### Problem requirements:
In the listing that follows, the lines starting at the one containing "Variable y0 : summary v j." and ending at the one containing "Lemma card_widen_ord_image (j" are to be returned exactly, both boundary lines included, and no others.
START Supplied data
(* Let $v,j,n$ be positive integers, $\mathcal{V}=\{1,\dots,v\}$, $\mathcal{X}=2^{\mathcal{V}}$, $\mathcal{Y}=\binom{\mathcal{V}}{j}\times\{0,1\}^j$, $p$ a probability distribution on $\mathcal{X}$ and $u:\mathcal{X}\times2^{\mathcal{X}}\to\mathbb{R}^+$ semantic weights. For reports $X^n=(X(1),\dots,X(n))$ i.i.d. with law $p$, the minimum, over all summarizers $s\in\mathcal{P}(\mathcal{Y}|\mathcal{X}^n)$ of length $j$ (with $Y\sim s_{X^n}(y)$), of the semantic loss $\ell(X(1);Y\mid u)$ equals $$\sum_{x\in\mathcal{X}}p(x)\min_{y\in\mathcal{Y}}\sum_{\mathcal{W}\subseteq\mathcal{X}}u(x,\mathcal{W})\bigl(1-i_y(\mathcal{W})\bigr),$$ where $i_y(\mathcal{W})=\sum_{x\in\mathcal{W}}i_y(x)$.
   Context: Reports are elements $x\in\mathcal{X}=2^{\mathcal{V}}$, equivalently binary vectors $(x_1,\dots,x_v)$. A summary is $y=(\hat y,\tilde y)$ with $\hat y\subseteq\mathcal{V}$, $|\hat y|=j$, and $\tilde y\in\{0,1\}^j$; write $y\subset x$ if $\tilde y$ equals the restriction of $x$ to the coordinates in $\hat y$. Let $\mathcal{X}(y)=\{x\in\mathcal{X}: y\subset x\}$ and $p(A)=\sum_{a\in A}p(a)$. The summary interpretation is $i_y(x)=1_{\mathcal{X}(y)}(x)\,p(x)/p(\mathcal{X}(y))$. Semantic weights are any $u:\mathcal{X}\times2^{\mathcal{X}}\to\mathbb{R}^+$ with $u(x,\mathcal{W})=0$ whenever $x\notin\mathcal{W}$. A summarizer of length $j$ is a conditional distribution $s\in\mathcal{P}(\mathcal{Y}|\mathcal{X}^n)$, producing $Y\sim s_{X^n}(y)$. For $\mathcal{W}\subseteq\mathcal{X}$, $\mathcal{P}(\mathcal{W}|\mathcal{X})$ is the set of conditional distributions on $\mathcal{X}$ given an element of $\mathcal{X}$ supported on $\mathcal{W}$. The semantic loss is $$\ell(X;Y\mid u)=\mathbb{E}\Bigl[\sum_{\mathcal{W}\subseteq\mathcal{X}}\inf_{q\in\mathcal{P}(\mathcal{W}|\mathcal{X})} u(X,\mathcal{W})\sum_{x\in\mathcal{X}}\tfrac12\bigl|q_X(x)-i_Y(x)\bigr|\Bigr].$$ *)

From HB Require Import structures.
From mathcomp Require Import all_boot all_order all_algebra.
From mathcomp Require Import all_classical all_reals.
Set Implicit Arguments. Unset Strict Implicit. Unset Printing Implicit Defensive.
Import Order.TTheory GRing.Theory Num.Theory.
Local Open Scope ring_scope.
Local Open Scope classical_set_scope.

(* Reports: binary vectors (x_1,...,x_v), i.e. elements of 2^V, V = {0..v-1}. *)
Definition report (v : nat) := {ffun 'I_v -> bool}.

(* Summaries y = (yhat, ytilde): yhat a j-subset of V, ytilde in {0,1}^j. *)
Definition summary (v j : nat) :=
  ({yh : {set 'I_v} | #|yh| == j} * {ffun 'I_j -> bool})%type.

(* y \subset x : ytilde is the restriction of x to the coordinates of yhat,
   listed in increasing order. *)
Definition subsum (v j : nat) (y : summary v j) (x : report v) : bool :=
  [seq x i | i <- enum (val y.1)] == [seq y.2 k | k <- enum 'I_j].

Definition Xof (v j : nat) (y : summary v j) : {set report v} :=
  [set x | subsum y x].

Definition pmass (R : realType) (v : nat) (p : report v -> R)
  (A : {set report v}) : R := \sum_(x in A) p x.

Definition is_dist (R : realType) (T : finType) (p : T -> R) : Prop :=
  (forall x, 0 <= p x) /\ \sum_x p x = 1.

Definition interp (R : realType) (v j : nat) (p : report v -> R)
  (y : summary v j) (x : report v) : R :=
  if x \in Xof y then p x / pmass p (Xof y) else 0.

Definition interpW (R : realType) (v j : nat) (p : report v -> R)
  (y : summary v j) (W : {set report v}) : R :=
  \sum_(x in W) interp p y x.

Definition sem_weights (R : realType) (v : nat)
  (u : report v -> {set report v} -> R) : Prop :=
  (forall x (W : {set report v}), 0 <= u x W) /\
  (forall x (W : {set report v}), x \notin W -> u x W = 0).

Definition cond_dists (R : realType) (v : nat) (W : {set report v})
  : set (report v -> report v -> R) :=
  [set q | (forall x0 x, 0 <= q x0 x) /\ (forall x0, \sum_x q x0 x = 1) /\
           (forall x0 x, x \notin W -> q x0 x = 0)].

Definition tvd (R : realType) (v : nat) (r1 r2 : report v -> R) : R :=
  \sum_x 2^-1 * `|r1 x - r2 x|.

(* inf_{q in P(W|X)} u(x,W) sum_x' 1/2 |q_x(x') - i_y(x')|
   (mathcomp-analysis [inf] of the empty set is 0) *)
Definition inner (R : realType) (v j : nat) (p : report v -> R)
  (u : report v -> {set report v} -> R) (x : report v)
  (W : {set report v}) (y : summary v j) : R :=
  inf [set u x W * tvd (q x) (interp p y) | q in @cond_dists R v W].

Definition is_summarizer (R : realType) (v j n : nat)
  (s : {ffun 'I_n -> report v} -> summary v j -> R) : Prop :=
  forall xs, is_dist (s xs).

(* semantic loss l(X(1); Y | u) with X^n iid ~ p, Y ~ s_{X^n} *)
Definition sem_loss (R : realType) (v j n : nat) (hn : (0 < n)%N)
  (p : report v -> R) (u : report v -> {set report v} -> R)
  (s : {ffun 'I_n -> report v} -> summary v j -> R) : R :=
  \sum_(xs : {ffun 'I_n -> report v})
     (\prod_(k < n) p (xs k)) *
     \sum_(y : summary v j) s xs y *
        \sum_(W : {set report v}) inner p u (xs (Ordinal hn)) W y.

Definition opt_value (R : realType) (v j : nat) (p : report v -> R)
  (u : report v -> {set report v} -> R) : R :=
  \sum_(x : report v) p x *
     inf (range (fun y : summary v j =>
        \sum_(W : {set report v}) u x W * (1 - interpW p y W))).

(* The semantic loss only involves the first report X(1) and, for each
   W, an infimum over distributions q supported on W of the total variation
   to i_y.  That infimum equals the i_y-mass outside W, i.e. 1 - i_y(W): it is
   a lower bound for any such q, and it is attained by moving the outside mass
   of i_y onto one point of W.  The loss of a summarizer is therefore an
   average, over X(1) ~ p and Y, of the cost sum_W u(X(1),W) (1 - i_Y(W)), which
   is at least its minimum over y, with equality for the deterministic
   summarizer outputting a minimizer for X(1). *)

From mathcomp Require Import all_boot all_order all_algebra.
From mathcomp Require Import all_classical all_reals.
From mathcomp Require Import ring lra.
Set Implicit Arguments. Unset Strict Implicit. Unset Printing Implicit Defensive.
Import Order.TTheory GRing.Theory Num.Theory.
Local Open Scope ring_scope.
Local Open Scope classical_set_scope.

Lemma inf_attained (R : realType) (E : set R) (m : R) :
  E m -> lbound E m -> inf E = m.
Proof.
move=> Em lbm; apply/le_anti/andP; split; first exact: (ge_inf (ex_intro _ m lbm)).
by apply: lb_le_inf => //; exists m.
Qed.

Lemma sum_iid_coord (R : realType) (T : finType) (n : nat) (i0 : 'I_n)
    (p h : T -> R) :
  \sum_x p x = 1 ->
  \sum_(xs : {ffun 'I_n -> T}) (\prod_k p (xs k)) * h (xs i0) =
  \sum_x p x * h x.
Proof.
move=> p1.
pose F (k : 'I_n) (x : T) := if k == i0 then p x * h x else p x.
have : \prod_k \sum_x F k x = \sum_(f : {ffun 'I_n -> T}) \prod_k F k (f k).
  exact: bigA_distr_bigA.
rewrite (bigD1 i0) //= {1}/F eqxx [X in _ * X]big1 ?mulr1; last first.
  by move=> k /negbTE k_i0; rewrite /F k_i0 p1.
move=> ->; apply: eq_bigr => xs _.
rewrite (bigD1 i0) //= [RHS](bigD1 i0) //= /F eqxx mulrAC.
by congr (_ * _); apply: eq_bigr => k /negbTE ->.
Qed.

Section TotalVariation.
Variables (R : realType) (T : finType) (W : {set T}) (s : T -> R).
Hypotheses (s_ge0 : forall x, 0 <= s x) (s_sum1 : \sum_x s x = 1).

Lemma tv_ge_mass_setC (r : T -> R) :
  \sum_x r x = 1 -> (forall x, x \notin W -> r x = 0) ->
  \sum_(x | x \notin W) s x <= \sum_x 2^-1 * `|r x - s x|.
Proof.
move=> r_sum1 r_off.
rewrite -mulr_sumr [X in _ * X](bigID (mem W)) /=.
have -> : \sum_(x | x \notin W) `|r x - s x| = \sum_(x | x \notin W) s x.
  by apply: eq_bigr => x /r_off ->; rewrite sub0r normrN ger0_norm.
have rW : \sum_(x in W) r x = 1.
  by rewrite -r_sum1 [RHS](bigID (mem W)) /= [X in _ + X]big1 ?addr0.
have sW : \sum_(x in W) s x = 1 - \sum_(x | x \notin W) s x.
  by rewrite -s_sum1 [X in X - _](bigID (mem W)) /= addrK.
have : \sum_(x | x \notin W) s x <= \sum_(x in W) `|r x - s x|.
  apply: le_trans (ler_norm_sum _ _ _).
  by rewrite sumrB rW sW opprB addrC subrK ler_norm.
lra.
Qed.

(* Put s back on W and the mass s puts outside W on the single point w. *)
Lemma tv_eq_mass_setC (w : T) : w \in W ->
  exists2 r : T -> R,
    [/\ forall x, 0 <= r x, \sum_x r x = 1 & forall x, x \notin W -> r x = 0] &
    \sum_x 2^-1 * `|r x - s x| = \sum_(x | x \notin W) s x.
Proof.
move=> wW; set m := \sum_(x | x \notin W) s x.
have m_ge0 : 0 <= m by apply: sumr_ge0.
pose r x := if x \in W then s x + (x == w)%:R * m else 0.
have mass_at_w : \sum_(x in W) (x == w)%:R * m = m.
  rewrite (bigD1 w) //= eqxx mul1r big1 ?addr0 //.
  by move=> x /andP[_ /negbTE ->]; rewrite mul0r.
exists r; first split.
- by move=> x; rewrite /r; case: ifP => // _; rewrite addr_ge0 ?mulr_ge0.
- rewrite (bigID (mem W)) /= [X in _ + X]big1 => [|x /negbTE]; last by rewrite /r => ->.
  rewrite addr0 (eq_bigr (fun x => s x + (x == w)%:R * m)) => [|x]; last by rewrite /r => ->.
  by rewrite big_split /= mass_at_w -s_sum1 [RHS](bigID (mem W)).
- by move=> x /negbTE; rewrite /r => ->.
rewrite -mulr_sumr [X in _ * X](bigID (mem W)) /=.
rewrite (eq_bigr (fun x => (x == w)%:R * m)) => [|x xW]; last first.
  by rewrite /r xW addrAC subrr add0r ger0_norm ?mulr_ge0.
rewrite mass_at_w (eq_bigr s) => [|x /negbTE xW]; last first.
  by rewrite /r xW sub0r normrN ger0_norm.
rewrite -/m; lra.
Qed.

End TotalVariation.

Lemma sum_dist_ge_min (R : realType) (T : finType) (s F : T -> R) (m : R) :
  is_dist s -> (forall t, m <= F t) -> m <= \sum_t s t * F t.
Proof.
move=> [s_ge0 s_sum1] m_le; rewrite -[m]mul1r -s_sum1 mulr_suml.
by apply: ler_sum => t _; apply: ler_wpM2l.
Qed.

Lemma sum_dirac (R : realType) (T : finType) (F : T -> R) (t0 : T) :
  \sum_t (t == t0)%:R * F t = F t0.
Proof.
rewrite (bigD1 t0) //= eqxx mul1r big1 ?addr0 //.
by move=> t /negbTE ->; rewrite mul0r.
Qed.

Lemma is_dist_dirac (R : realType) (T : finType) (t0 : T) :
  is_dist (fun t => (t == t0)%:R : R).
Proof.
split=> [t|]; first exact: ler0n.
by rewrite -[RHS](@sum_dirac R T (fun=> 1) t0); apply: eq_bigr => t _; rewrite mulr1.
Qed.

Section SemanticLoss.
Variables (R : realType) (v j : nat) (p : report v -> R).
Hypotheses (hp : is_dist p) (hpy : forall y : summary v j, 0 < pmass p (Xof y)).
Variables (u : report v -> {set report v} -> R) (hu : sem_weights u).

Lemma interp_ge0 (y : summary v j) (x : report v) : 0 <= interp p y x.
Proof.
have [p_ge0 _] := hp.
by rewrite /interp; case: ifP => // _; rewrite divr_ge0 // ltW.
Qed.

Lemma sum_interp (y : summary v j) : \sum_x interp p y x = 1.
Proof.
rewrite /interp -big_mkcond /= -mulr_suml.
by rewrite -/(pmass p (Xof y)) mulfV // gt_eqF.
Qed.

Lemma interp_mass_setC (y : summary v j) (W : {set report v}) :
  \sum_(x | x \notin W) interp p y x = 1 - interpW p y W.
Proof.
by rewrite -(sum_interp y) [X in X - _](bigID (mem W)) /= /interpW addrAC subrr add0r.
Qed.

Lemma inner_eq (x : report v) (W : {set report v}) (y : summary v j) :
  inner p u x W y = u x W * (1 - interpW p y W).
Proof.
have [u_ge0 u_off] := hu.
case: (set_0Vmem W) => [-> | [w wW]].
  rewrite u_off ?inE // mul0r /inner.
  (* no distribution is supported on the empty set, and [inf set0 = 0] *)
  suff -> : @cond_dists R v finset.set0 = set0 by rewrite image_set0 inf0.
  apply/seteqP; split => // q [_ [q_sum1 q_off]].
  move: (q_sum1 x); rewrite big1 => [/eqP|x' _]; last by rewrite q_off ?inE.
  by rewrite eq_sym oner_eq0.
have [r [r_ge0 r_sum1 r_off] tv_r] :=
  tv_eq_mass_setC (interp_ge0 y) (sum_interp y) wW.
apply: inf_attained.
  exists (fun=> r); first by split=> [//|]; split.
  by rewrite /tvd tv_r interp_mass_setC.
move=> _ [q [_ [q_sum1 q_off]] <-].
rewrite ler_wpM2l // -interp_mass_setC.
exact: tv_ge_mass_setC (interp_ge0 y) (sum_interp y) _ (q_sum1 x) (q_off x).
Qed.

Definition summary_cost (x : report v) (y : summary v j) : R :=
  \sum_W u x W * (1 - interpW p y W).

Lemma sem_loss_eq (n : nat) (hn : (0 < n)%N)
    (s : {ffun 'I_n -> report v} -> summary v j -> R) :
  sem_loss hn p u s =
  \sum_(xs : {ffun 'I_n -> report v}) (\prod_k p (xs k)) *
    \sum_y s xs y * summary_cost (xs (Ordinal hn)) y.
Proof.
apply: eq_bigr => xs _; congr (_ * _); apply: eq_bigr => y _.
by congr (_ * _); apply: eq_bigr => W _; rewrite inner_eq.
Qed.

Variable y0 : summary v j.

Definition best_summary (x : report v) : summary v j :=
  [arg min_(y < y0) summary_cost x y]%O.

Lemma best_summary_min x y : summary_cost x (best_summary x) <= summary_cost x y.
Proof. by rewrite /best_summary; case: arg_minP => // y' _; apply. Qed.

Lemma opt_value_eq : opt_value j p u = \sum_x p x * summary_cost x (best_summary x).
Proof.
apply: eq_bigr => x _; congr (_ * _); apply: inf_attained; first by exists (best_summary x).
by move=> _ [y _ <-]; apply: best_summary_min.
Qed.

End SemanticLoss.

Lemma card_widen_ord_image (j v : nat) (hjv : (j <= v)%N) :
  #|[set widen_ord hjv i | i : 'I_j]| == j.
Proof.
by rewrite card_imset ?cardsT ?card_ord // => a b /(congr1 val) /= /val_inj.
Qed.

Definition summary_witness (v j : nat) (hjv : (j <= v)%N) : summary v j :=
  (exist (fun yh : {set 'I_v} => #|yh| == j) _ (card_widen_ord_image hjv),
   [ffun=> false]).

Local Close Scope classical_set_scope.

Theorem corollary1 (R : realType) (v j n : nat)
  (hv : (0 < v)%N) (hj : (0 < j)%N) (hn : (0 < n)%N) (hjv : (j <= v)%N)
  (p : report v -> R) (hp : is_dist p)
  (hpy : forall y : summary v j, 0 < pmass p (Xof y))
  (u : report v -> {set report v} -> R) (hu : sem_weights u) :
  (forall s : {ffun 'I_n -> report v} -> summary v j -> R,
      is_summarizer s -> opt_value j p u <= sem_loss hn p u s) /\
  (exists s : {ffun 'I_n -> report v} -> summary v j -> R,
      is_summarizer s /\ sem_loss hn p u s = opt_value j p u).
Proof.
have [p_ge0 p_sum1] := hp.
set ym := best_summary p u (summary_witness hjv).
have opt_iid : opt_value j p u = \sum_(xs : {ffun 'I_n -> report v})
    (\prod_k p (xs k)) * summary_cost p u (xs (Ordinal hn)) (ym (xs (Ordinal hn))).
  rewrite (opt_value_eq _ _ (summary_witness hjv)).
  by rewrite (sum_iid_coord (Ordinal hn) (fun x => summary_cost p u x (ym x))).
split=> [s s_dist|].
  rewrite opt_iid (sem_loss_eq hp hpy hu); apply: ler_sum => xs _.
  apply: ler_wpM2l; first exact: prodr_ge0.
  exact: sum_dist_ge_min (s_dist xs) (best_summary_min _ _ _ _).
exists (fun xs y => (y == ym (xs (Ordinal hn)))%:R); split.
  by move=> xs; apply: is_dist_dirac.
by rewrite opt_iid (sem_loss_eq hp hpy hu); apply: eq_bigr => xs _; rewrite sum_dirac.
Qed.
END Supplied data
### Response below:
Variable y0 : summary v j.

Definition best_summary (x : report v) : summary v j :=
  [arg min_(y < y0) summary_cost x y]%O.

Lemma best_summary_min x y : summary_cost x (best_summary x) <= summary_cost x y.
Proof. by rewrite /best_summary; case: arg_minP => // y' _; apply. Qed.

Lemma opt_value_eq : opt_value j p u = \sum_x p x * summary_cost x (best_summary x).
Proof.
apply: eq_bigr => x _; congr (_ * _); apply: inf_attained; first by exists (best_summary x).
by move=> _ [y _ <-]; apply: best_summary_min.
Qed.

End SemanticLoss.

Lemma card_widen_ord_image (j v : nat) (hjv : (j <= v)%N) :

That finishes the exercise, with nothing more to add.